- Directed by: R. Jayaprakash
- Written by: R. Jayaprakash
- Produced by: R. Jayaprakash
- Starring: Mohankumar; Ramana; Rekha Unnikrishnan; Ragini Nandwani;
- Cinematography: R. Selva
- Edited by: M. P. Ravichandran
- Music by: Sabesh–Murali
- Production company: Jayavilas Films
- Release date: 28 January 2005;
- Running time: 125 minutes
- Country: India
- Language: Tamil

= Ayodhya (2005 Tamil film) =

Ayodhya is a 2005 Tamil-language drama film written, produced and directed by R. Jayaprakash. The film stars newcomer Mohankumar, Ramana, Rekha Unnikrishnan and newcomer Ragini Nandwani, with Manivannan, J. Livingston, Charan Raj, Saranya Ponvannan, Seetha, Ilavarasu, Mayilsamy, Chitti Babu and Delhi Kumar playing supporting roles. It was released on 28 January 2005.

==Plot==

Hussain Bhai (J. Livingston) and Sundaram Pillai (Charan Raj) were best friends in Ayodhyapuri near Nagercoil, a place where Hindus and Muslims lived in harmony. Hussain and Sundaram bought land to build a factory at that place. Hussain was married to Jameela (Saranya Ponvannan), while Sundaram married Seetha (Seetha) under Hussain and Jameela's blessings. Jameela and Seetha then became pregnant. Jameela, who had suffered a miscarriage, feared to lose her baby. In the meantime, Sabapathy (Manivannan), who was a troublemaker, turned the friends into enemies for his own personal gain. This issue was taken by the villagers, and the village split into two with Muslims on one side and Hindus on the other side. Later, Seetha and Jameela gave birth in the same hospital the same day. Fearing that Jameela's baby may die, Seetha switched the babies in their cradles, but Jameela knew about it.

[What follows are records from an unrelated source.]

Definition mutually_independent (d : measure_display) (T : measurableType d)
  (R : realType) (P : probability T R) (d' : measure_display)
  (T' : measurableType d') (X : nat -> T -> T') : Prop :=
  forall (s : seq nat) (B : nat -> set T'), uniq s ->
    (forall i, i \in s -> measurable (B i)) ->
    P (\bigcap_(i in [set i | i \in s]) (X i @^-1` B i)) =
    (\prod_(i <- s) P (X i @^-1` B i))%E.

Definition iid_with_law (d : measure_display) (T : measurableType d)
  (R : realType) (P : probability T R) (d' : measure_display)
  (T' : measurableType d') (mu : probability T' R) (X : nat -> T -> T') : Prop :=
  [/\ forall i, measurable_fun setT (X i),
      forall i (B : set T'), measurable B -> P (X i @^-1` B) = mu B &
      mutually_independent P X].

(* L_n(z) = sum_{j=1}^{n-k_n} 1/(z - X_j) + sum_{l=1}^{k_n} 1/(z - xi_l^(n)),
   indices shifted to start at 0. *)
Definition resolvent_sum (R : realType) (x : nat -> R[i]) (k : nat -> nat)
  (xi : nat -> nat -> R[i]) (n : nat) (z : R[i]) : R[i] :=
  \sum_(j < n - k n) (z - x j)^-1 + \sum_(l < k n) (z - xi n l)^-1.

(* sup_{|z| = r} |L_n(z)|, as an extended real (equals +oo when unbounded,
   e.g. when a pole lies on the circle). *)
Definition supCircle (R : realType) (f : R[i] -> R[i]) (r : R) : \bar R :=
  ereal_sup [set (ComplexField.Normc.normc (f z))%:E | z in [set z : R[i] | ComplexField.Normc.normc z = r]].

Definition elog (R : realType) (x : \bar R) : \bar R :=
  match x with
  | EFin r => if (0 < r)%R then (ln r)%:E else -oo%E
  | +oo%E => +oo%E
  | -oo%E => -oo%E
  end.

From HB Require Import structures.
From mathcomp Require Import all_boot all_order all_algebra.
From mathcomp Require Import all_classical all_reals all_analysis.
From mathcomp Require Import complex measurable_realfun.
From mathcomp Require Import ring lra.
Import Order.TTheory GRing.Theory Num.Theory.
Import numFieldNormedType.Exports.
Local Open Scope classical_set_scope.
Local Open Scope ring_scope.
(* Let $A$ be an algebra in a semidegenerate congruence modular variety $\mathcal{V}$ such that $K(A)$ is closed under the commutator. The following are equivalent: (1) the map $\lambda_A|_{B(Con(A))}: B(Con(A))\rightarrow B(L(A))$ is a Boolean isomorphism; (2) the map $\lambda_A|_{B(Con(A))}: B(Con(A))\rightarrow B(L(A))$ is surjective; (3) for every $\alpha\in K(A)$, if $\lambda_A(\alpha)\in B(L(A))$ then there exists an integer $n\geq 0$ with $[\alpha,\alpha]^n\in B(Con(A))$; (4) for every $\alpha\in K(A)$, $\lambda_A(\alpha)\in B(L(A))$ if and only if there exists an integer $n\geq 0$ with $[\alpha,\alpha]^n\in B(Con(A))$.
   Context: $\mathcal{V}$ is a variety of algebras of a finite signature which is congruence modular and semidegenerate (no nontrivial algebra of $\mathcal{V}$ has a one-element subalgebra; equivalently $\nabla_A$ is compact for all $A\in\mathcal{V}$). $Con(A)$ is the congruence lattice of $A$ with bounds $\Delta_A,\nabla_A$; $[\cdot,\cdot]$ is the Freese–McKenzie commutator on $Con(A)$; $K(A)$ is the set of compact (finitely generated) congruences. $[\alpha,\alpha]^0=\alpha$, $[\alpha,\alpha]^{n+1}=[[\alpha,\alpha]^n,[\alpha,\alpha]^n]$. A congruence $\phi\neq\nabla_A$ is prime if $[\alpha,\beta]\subseteq\phi$ implies $\alpha\subseteq\phi$ or $\beta\subseteq\phi$; for $\theta\in Con(A)$, $\rho(\theta)$ is the intersection of all prime congruences containing $\theta$. The reticulation $L(A)$ is the bounded distributive lattice $K(A)/{\equiv}$, where $\alpha\equiv\beta$ iff $\rho(\alpha)=\rho(\beta)$, and $\lambda_A:K(A)\to L(A)$ is the canonical map (it satisfies $\lambda_A(\alpha\vee\beta)=\lambda_A(\alpha)\vee\lambda_A(\beta)$, $\lambda_A([\alpha,\beta])=\lambda_A(\alpha\cap\beta)=\lambda_A(\alpha)\wedge\lambda_A(\beta)$). $B(Con(A))$ is the Boolean algebra of complemented elements of the lattice $Con(A)$ and $B(L(A))$ that of $L(A)$; it is known that $B(Con(A))\subseteq K(A)$ and $\lambda_A$ maps $B(Con(A))$ into $B(L(A))$ as an injective Boolean morphism. *)

From Stdlib Require Import List.
From mathcomp Require Import all_boot.
Set Implicit Arguments. Unset Strict Implicit. Unset Printing Implicit Defensive.

Record signature := Signature { sop : finType; sarity : sop -> nat }.

Record algebra (S : signature) := Algebra {
  carrier :> Type;
  interp : forall o : sop S, ('I_(sarity o) -> carrier) -> carrier }.

Arguments interp {S B} o _ : rename.

Inductive term (S : signature) : Type :=
  | Var : nat -> term S
  | App : forall o : sop S, ('I_(sarity o) -> term S) -> term S.

Fixpoint eval (S : signature) (B : algebra S) (e : nat -> B) (t : term S) : B :=
  match t with
  | Var n => e n
  | App o ts => interp (B:=B) o (fun i => eval e (ts i))
  end.

(* A variety is the class of models of a set Sigma of identities (Birkhoff). *)
Definition inV (S : signature) (Sigma : term S -> term S -> Prop) (B : algebra S) : Prop :=
  forall t u, Sigma t u -> forall e : nat -> B, eval e t = eval e u.

Definition prel (T : Type) := T -> T -> Prop.
Definition subrel T (R R' : prel T) : Prop := forall x y, R x y -> R' x y.
Definition releq T (R R' : prel T) : Prop := forall x y, R x y <-> R' x y.

Definition is_con (S : signature) (B : algebra S) (R : prel B) : Prop :=
  (forall x, R x x) /\ (forall x y, R x y -> R y x) /\
  (forall x y z, R x y -> R y z -> R x z) /\
  (forall (o : sop S) (a b : 'I_(sarity o) -> B),
      (forall i, R (a i) (b i)) -> R (interp o a) (interp o b)).

Definition Delta T : prel T := fun x y => x = y.
Definition Nabla T : prel T := fun _ _ => True.

Definition Cg (S : signature) (B : algebra S) (X : prel B) : prel B :=
  fun x y => forall th : prel B, is_con th -> subrel X th -> th x y.

Definition con_meet T (a b : prel T) : prel T := fun x y => a x y /\ b x y.
Definition con_join (S : signature) (B : algebra S) (a b : prel B) : prel B :=
  Cg (fun x y => a x y \/ b x y).

Definition compact (S : signature) (B : algebra S) (a : prel B) : Prop :=
  exists l : list (B * B), releq a (Cg (fun x y => In (x, y) l)).

Definition mix T (m : nat) (a c : nat -> T) : nat -> T :=
  fun i => if i < m then a i else c i.

Definition centralizes (S : signature) (B : algebra S) (a b g : prel B) : Prop :=
  forall (t : term S) (m : nat) (x y u v : nat -> B),
    (forall i, a (x i) (y i)) -> (forall i, b (u i) (v i)) ->
    g (eval (mix m x u) t) (eval (mix m x v) t) ->
    g (eval (mix m y u) t) (eval (mix m y v) t).

(* [a, b] = least congruence g with C(a, b; g)  (in a congruence modular
   variety this is the Freese--McKenzie commutator) *)
Definition comm (S : signature) (B : algebra S) (a b : prel B) : prel B :=
  fun x y => forall g : prel B, is_con g -> centralizes a b g -> g x y.

Fixpoint comm_iter (S : signature) (B : algebra S) (n : nat) (a : prel B) : prel B :=
  match n with
  | 0 => a
  | n'.+1 => let c := comm_iter n' a in comm c c
  end.

Definition con_modular_variety (S : signature) (Sigma : term S -> term S -> Prop) : Prop :=
  forall B : algebra S, inV Sigma B ->
  forall a b c : prel B, is_con a -> is_con b -> is_con c -> subrel a c ->
    releq (con_join a (con_meet b c)) (con_meet (con_join a b) c).

Definition semidegenerate (S : signature) (Sigma : term S -> term S -> Prop) : Prop :=
  forall B : algebra S, inV Sigma B -> (exists x y : B, x <> y) ->
    ~ (exists b : B, forall o : sop S, interp o (fun _ => b) = b).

25 years later, the conflict intensified between Hussain and Sundaram, and they are in a legal fight over the factory with Sabapathy, continuing to add fuel to the conflict. Seetha and Jameela want their husbands to make peace. Hussain's son grows up as Shankar (Ramana) in Sundaram's house, whereas Sundaram's son grows up as Ameer (Mohankumar) in Hussain's house. Ameer falls in love with Shankar's cousin Anu (Rekha Unnikrishnan), while Shankar falls in love with Ameer's relative Zarina (Ragini Nandwani). Thereafter, Ameer and Shankar become friends and decide to support their love. Sabapathy, who pulled strings to create conflicts between Muslims and Hindus, is ultimately killed. The film ends with Hussain and Sundaram making up after their quarrel, the lovers brought together, and Muslims and Hindus making peace.

==Production==
Director R. Jayaprakash explained, "The title is suggestive of the trouble that takes place in the story. Ayodhya is a holy place and for those living in the village, there is no controversy or the location of the temple. For the outsiders only the trouble. All the unrest in this town is due to outsiders. So is the case with the village and the two lovebirds". Newcomer Mohankumar, Ramana, Rekha Unnikrishnan, and newcomer Ragini Nandwani signed to play the lead roles. Sabesh–Murali had scored music for the film, and two of the songs were shot in Ireland.

==Soundtrack==

The soundtrack was composed by the duo Sabesh–Murali, with lyrics written by Na. Muthukumar, P. Vijay and Kalaikumar.

| Track | Song | Singer(s) | Duration |
|---|---|---|---|
| 1 | "Sivakasi Thee Vizhikal" | Srinivas | 6:01 |
| 2 | "Orange" | Sujatha Mohan | 6:01 |
| 3 | "Markali Maasa" | Ranjith, Swapna Madhuri | 5:40 |
| 4 | "Kichili Kichilikka" | Karthik | 5:02 |
| 5 | "Bhagavane Enn Kadhal" | Sabesh, Chinmayi | 5:11 |
| 6 | "Aayiram Meena Enn Nenjai" | Harish Raghavendra | 5:41 |

==Reception==
Balaji Balasubramaniam of bbthots.com wrote, "Ayodhya's only link to religion is that it features two Hindu-Muslim romances. But the director has complicated the romances so much that even he is unable to close things off cleanly" and added, "Mohankumar lacks the talent, looks, physique and voice to be a leading man [...] Ramanaa fares better compared to him". Sify said, "Even though Jayaprakash sets out to make a movie on Hindu-Muslim amity to spread communal harmony, he ends up making a distasteful film". The film bombed at the box office.